Ozone‐induced changes in the murine lung extracellular vesicle small RNA landscape

Abstract

Inhalation exposure to ozone (O3) causes adverse respiratory health effects that result from airway inflammation, a complex response mediated in part by changes to airway cellular transcriptional programs. These programs may be regulated by microRNAs transferred between cells (e.g., epithelial cells and macrophages) via extracellular vesicles (EV miRNA). To explore this, we exposed female C57BL/6J mice to filtered air (FA), 1, or 2 ppm O3 by inhalation and collected bronchoalveolar lavage fluid (BALF) 21 h later for markers of airway inflammation, EVs, and EV miRNA. Both concentrations of O3 significantly increased markers of inflammation (neutrophils), injury (total protein), and the number of EV‐sized particles in the BALF. Imagestream analysis indicated a substantial portion of particles was positive for canonical EV markers (CD81, CD51), and Siglec‐F, a marker of alveolar macrophages. Using high‐throughput small RNA sequencing, we identified several differentially expressed (DE) BALF EV miRNAs after 1 ppm (16 DE miRNAs) and 2 ppm (99 DE miRNAs) O3 versus FA exposure.

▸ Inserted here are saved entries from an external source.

Lemma hrepr_idem x : hrepr (hrepr x) = hrepr x.
Proof. by apply: hrepr_eq; rewrite -opprB; apply/snullN/hreprP. Qed.

Definition hquot := {x : T | hrepr x == x}.
HB.instance Definition _ := Choice.on hquot.

Definition hpi (x : T) : hquot := exist _ (hrepr x) (introT eqP (hrepr_idem x)).

Lemma hpiE x y : snull (x - y) -> hpi x = hpi y.
Proof. by move=> h; apply: val_inj; rewrite /= (hrepr_eq h). Qed.
Lemma hpi_val (u : hquot) : hpi (val u) = u.
Proof. by apply: val_inj; rewrite /= (eqP (valP u)). Qed.
Lemma snull_val_hpi x : snull (val (hpi x) - x).
Proof. by rewrite /= -opprB; apply/snullN/hreprP. Qed.

Definition hq_zero := hpi 0.
Definition hq_add (u v : hquot) := hpi (val u + val v).
Definition hq_opp (u : hquot) := hpi (- val u).
Definition hq_scale (a : C) (u : hquot) := hpi (a *: val u).

Lemma hq_addE x y : hq_add (hpi x) (hpi y) = hpi (x + y).
Proof.
apply: hpiE; rewrite opprD addrACA.
by apply: snullD; apply: snull_val_hpi.
Qed.
Lemma hq_oppE x : hq_opp (hpi x) = hpi (- x).
Proof. by apply: hpiE; rewrite -opprD; apply/snullN/snull_val_hpi. Qed.
Lemma hq_scaleE a x : hq_scale a (hpi x) = hpi (a *: x).
Proof. by apply: hpiE; rewrite -scalerBr; apply/snullZ/snull_val_hpi. Qed.

Lemma hq_addA : associative hq_add.
Proof. by move=> u v w; rewrite -(hpi_val u) -(hpi_val v) -(hpi_val w) !hq_addE addrA. Qed.
Lemma hq_addC : commutative hq_add.
Proof. by move=> u v; rewrite -(hpi_val u) -(hpi_val v) !hq_addE addrC. Qed.
Lemma hq_add0 : left_id hq_zero hq_add.
Proof. by move=> u; rewrite -(hpi_val u) /hq_zero hq_addE add0r. Qed.
Lemma hq_addN : left_inverse hq_zero hq_opp hq_add.
Proof. by move=> u; rewrite -(hpi_val u) hq_oppE hq_addE addNr. Qed.
HB.instance Definition _ := GRing.isZmodule.Build hquot hq_addA hq_addC hq_add0 hq_addN.

Lemma hpiD x y : hpi (x + y) = hpi x + hpi y. Proof. by rewrite -hq_addE. Qed.

Lemma hq_scaleA a b u : hq_scale a (hq_scale b u) = hq_scale (a * b) u.
Proof. by rewrite -(hpi_val u) !hq_scaleE scalerA. Qed.
Lemma hq_scale1 : left_id 1 hq_scale.
Proof. by move=> u; rewrite -(hpi_val u) hq_scaleE scale1r. Qed.
Lemma hq_scaleDr : right_distributive hq_scale +%R.
Proof. by move=> a u v; rewrite -(hpi_val u) -(hpi_val v) -hpiD !hq_scaleE scalerDr hpiD. Qed.
Lemma hq_scaleDl v : {morph hq_scale^~ v : a b / a + b}.
Proof. by move=> a b; rewrite -(hpi_val v) !hq_scaleE scalerDl hpiD. Qed.
HB.instance Definition _ :=
  GRing.Zmodule_isLmodule.Build C hquot hq_scaleA hq_scale1 hq_scaleDr hq_scaleDl.

Lemma hpiZ a x : hpi (a *: x) = a *: hpi x. Proof. by rewrite -hq_scaleE. Qed.
Lemma hpi0 : hpi 0 = 0. Proof. by []. Qed.
Lemma hpi_linear : is_linear hpi. Proof. by split => [x y|a x]; rewrite ?hpiD ?hpiZ. Qed.
Lemma hpi_eq0 x : hpi x = 0 -> snull x.
Proof.
rewrite -hpi0 => /(congr1 val) /= e.
have -> : x = (x - hrepr x) - (0 - hrepr 0) by rewrite e sub0r opprK subrK.
by apply: snullB; apply: hreprP.
Qed.

Definition hquot_sn (n : nat) (u : hquot) : RR := s n (val u).

Lemma hquot_sn_hpi n x : hquot_sn n (hpi x) = s n x.
Proof. exact: snull_sn_eq (snull_val_hpi x). Qed.

Lemma hquot_snB n u x : hquot_sn n (u - hpi x) = s n (val u - x).
Proof. by rewrite -hquot_sn_hpi hpiD -[hpi (- x)]hq_oppE hpi_val. Qed.

Lemma frechet_hquot : (forall u, cauchy_seq s u -> exists l, converges_to s u l) ->
  is_frechet hquot_sn.
Proof.
move=> sc; split.
- move=> n; split; first by move=> u; apply: (sn_ge0 hs).
  split=> [u v|a u].
    by rewrite -(hpi_val u) -(hpi_val v) -hpiD !hquot_sn_hpi; exact: (snD hs).
  by rewrite -(hpi_val u) -hpiZ !hquot_sn_hpi (snZ hs).
- move=> u h; rewrite -(hpi_val u) -hpi0; apply: hpiE; rewrite subr0 => n.
  exact: h n.
- move=> u hu; have [l hl] : exists l, converges_to s (fun i => val (u i)) l.
    apply: sc => n e e0; have [N HN] := hu n e e0; exists N => i j iN jN.
    by have := HN i j iN jN; rewrite -{1}(hpi_val (u j)) hquot_snB.
  exists (hpi l) => n e e0; have [N HN] := hl n e e0; exists N => i iN.
  by rewrite hquot_snB; apply: HN.
Qed.

End HausdorffQuotient.

(* [dist_im n x] is the distance, for the seminorm [smax t n], from [x] to the
   image of [j]; these are the seminorms of [T / closure (im j)]. *)
Section DistanceToImage.
Variables (T Q : lmodType C) (t : nat -> T -> RR) (j : Q -> T).
Hypotheses (ht : is_seminorm_family t) (jl : is_linear j).

Definition dist_im (n : nat) (x : T) : RR := inf [set r | exists y, r = smax t n (x - j y)].

Let dist_set_inf n x : has_inf [set r | exists y, r = smax t n (x - j y)].
Proof. by split; [exists (smax t n (x - j 0)); exists 0 | exists 0 => r [y ->]; apply: smax_ge0]. Qed.

Lemma dist_im_le n x y : dist_im n x <= smax t n (x - j y).
Proof. by apply: (ge_inf (proj2 (dist_set_inf n x))); exists y. Qed.

Lemma dist_im_ge0 n x : 0 <= dist_im n x.
Proof. by apply: (lb_le_inf (proj1 (dist_set_inf n x))) => r [y ->]; apply: smax_ge0. Qed.

Lemma dist_im_approx n x e : 0 < e -> exists y, smax t n (x - j y) < dist_im n x + e.
Proof. by move=> e0; have [r [y ->] h] := inf_adherent e0 (dist_set_inf n x); exists y. Qed.

Lemma dist_im_homo n n' x : (n <= n')%N -> dist_im n x <= dist_im n' x.
Proof.
move=> nn; apply: (lb_le_inf (proj1 (dist_set_inf n' x))) => r [y ->].
exact: le_trans (dist_im_le n x y) (smax_homo _ _ nn).
Qed.

Lemma dist_im_le_smax n x : dist_im n x <= smax t n x.
Proof. by have := dist_im_le n x 0; rewrite (is_linear0 jl) subr0. Qed.

Lemma dist_im_image n y : dist_im n (j y) = 0.
Proof.
apply/eqP; rewrite eq_le dist_im_ge0 andbT; apply: le_trans (dist_im_le n _ y) _.
by rewrite subrr (sn0 (seminorm_family_smax ht)).
Qed.

Lemma seminorm_family_dist_im : is_seminorm_family dist_im.
Proof.
have st := seminorm_family_smax ht.
move=> n; split; first exact: dist_im_ge0.
split.
  move=> x x'; apply/ler_addgt0Pr => e e0.
  have e20 : 0 < e / 2 by rewrite divr_gt0.
  have [y hy] := dist_im_approx n x e20; have [y' hy'] := dist_im_approx n x' e20.
  apply: le_trans (dist_im_le n (x + x') (y + y')) _.
  rewrite (is_linearD jl) opprD addrACA; apply: le_trans (snD st _ _ _) _.
  have : e / 2 + e / 2 = e by rewrite -splitr.
  lra.
apply: normc_homogeneous; first exact: dist_im_ge0.
move=> a x; have na0 := normc_ge0 a.
rewrite -subr_le0; apply: (le0_mul_eps na0) => e e0.
have [y hy] := dist_im_approx n x e0.
have := dist_im_le n (a *: x) (a *: y).
rewrite (is_linearZ jl) -scalerBr (snZ st) => h.
have : normc a * smax t n (x - j y) <= normc a * (dist_im n x + e) by rewrite ler_wpM2l // ltW.
by rewrite mulrDr; lra.
Qed.

Lemma dist_im_map (F : T -> T) n m (K : RR) :
  is_linear F -> (forall y, exists y', F (j y) = j y') ->
  0 <= K -> (forall w, smax t n (F w) <= K * smax t m w) ->
  forall z, dist_im n (F z) <= K * dist_im m z.
Proof.
move=> Fl Fj K0 HK z; rewrite -subr_le0; apply: (le0_mul_eps K0) => e e0.
have [y hy] := dist_im_approx m z e0; have [y' hy'] := Fj y.
have := dist_im_le n (F z) y'; rewrite -hy' -(is_linearB Fl) => h1.
have h2 : K * smax t m (z - j y) <= K * (dist_im m z + e) by rewrite ler_wpM2l // ltW.
by have := HK (z - j y); rewrite mulrDr in h2 *; lra.
Qed.
End DistanceToImage.

Definition halfpow (k : nat) : RR := 2^-1 ^+ k.

Lemma halfpow_gt0 k : 0 < halfpow k. Proof. by rewrite exprn_gt0 // invr_gt0. Qed.
Lemma halfpowS k : halfpow k.+1 = halfpow k / 2. Proof. by rewrite /halfpow exprSr. Qed.

Lemma halfpow_le k k' : (k <= k')%N -> halfpow k' <= halfpow k.
Proof. by move=> kk; apply: ler_wiXn2l => //; rewrite ?invr_ge0 ?invf_le1 ?ler1n ?ltr0n. Qed.

Lemma halfpow_small e : 0 < e -> exists K, halfpow K < e.
Proof.
move=> e0; have [k hk] := ltr_add_invr e0; exists k; rewrite add0r in hk.
apply: le_lt_trans hk; rewrite /halfpow exprVn -natrX.
have p1 : (k.+1%:R : RR) \in Num.pos by rewrite posrE ltr0n.
have p2 : ((2 ^ k)%:R : RR) \in Num.pos by rewrite posrE ltr0n expn_gt0.
by rewrite (lef_pV2 p2 p1) ler_nat; apply: ltn_expl.
Qed.

Section Sequences.
Variables (T : lmodType C) (t : nat -> T -> RR) (ht : is_seminorm_family t).

Lemma converges_smax (u : nat -> T) l : converges_to t u l ->
  forall n e, 0 < e -> exists N, forall K, (N <= K)%N -> smax t n (u K - l) < e.
Proof.
move=> hl n e e0; have e20 : 0 < e / 2 by rewrite divr_gt0.
have [N HN] : exists N, forall K, (N <= K)%N -> forall k, (k <= n)%N -> t k (u K - l) < e / 2.
  elim: n => [|n [N ih]].
    have [N hN] := hl 0%N _ e20; exists N => K KN k; rewrite leqn0 => /eqP ->; exact: hN.
  have [N' hN'] := hl n.+1 _ e20; exists (maxn N N') => K KN k.
  rewrite leq_eqVlt => /orP[/eqP ->|]; first by apply: hN'; rewrite geq_max in KN; case/andP: KN.
  by rewrite ltnS; apply: ih; rewrite geq_max in KN; case/andP: KN.
exists N => K KN; apply: le_lt_trans (_ : e / 2 < e); last by rewrite ltr_pdivrMr // ltr_pMr // ltr1n.
by apply: smax_lub; [exact: ltW | move=> k kn; exact/ltW/HN].
Qed.

Lemma halfpow_cauchy (v : nat -> T) :
  (forall j K, (j <= K)%N -> t j (v K.+1 - v K) < halfpow K) -> cauchy_seq t v.
Proof.
move=> hv.
have tail j K K' : (j <= K)%N -> (K <= K')%N -> t j (v K' - v K) <= 2 * halfpow K - 2 * halfpow K'.
  move=> jK; elim: K' => [|K' ih]; first by rewrite leqn0 => /eqP ->; rewrite !subrr sn0.
  rewrite leq_eqVlt => /orP[/eqP <-|]; first by rewrite !subrr sn0.
  rewrite ltnS => KK'; have := ih KK'; have := hv j K' (leq_trans jK KK').
  by have := snB_trans ht j (v K'.+1) (v K') (v K); rewrite halfpowS; lra.
move=> j e e0; have e40 : 0 < e / 4 by rewrite divr_gt0.
have [K0 hK0] := halfpow_small e40.
exists (maxn j K0) => i i' hi hi'; set K := maxn j K0.
have jK : (j <= K)%N by rewrite leq_maxl.
have gK : halfpow K <= halfpow K0 by apply: halfpow_le; rewrite leq_maxr.
have := snB_trans ht j (v i) (v K) (v i'); rewrite (snBC ht j (v K)).
have := tail j K i jK hi; have := tail j K i' jK hi'.
have := halfpow_gt0 i; have := halfpow_gt0 i'.
have : e / 4 * 4 = e by rewrite divfK // pnatr_eq0.
lra.
Qed.

Lemma cauchy_halfpow_indices (u : nat -> T) : cauchy_seq t u ->
  exists nn : nat -> nat, (forall k, (nn k <= nn k.+1)%N) /\
    forall k i i', (nn k <= i)%N -> (nn k <= i')%N -> t k (u i - u i') < halfpow k.
Proof.
move=> hu; have [N HN] := choice (fun k => hu k _ (halfpow_gt0 k)).
pose nn := fix nn k := if k is k'.+1 then maxn (nn k') (N k) else N 0%N.
have nnN k : (N k <= nn k)%N by case: k => //= k; rewrite leq_maxr.
exists nn; split=> [k|k i i' hi hi']; first by rewrite /= leq_maxl.
by apply: HN; [apply: leq_trans (nnN k) hi | apply: leq_trans (nnN k) hi'].
Qed.
End Sequences.

Lemma dist_im_complete (T Q : lmodType C) (t : nat -> T -> RR) (j : Q -> T) :
  is_frechet t -> is_linear j ->
  forall u, cauchy_seq (dist_im t j) u -> exists l, converges_to (dist_im t j) u l.
Proof.
case=> ht _ tc jl u hu; have dj := seminorm_family_dist_im ht jl.
have [nn [nnS Hnn]] := cauchy_halfpow_indices hu.
pose d k := u (nn k.+1) - u (nn k).
have exy k : exists y, smax t k (d k - j y) < halfpow k.
  have e0 : 0 < halfpow k - dist_im t j k (d k) by rewrite subr_gt0; exact: Hnn.
  have [y hy] := dist_im_approx t j k (d k) e0.
  by exists y; rewrite addrCA subrr addr0 in hy.
have [y Hy] := choice exy.
pose S K := \sum_(k < K) y k.
pose v K := u (nn K) - j (S K).
have vS K : v K.+1 - v K = d K - j (y K).
  rewrite /v /S big_ord_recr /= (is_linearD jl).
  by rewrite opprD addrA (addrAC (u _)) opprB addrA subrK addrAC.
have [l hl] : exists l, converges_to t v l.
  apply/tc/halfpow_cauchy => // i K iK; rewrite vS.
  exact: le_lt_trans (le_smax _ _ iK) (Hy K).
exists l => i e e0; have e20 : 0 < e / 2 by rewrite divr_gt0.
have [K1 hK1] := halfpow_small e20; have [K2 hK2] := converges_smax hl i e20.
set K := maxn i (maxn K1 K2).
have [iK K1K K2K] : [/\ (i <= K)%N, (K1 <= K)%N & (K2 <= K)%N].
  by rewrite !leq_max !leqnn !orbT.
exists (nn K) => i' iK'.
have h1 : dist_im t j i (u i' - u (nn K)) < halfpow K.
  exact: le_lt_trans (dist_im_homo t j _ iK) (Hnn K _ _ iK' (leqnn _)).
have h2 : dist_im t j i (u (nn K) - l) <= smax t i (v K - l).
  by apply: le_trans (dist_im_le t j _ _ (S K)) _; rewrite /v addrAC.
have := hK2 K K2K; have := halfpow_le K1K.
have := snD dj i (u i' - u (nn K)) (u (nn K) - l); rewrite addrA subrK.
have : e / 2 + e / 2 = e by rewrite -splitr.
lra.
Qed.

O3 concentration‐response patterns in EV miRNA expression were apparent, particularly for miR‐2137, miR‐126‐3p, and miR‐351‐5p. Integrative analysis of EV miRNA expression and airway cellular mRNA expression identified EV miR‐22‐3p as a candidate regulator of transcriptomic responses to O3 in airway macrophages. In contrast, we did not identify candidate miRNA regulators of mRNA expression data from conducting airways (predominantly composed of epithelial cells). In summary, our data show that O3 exposure alters EV release and EV miRNA expression, suggesting that further investigation of EVs may provide insight into their effects on airway macrophage function and other mechanisms of O3‐induced respiratory inflammation.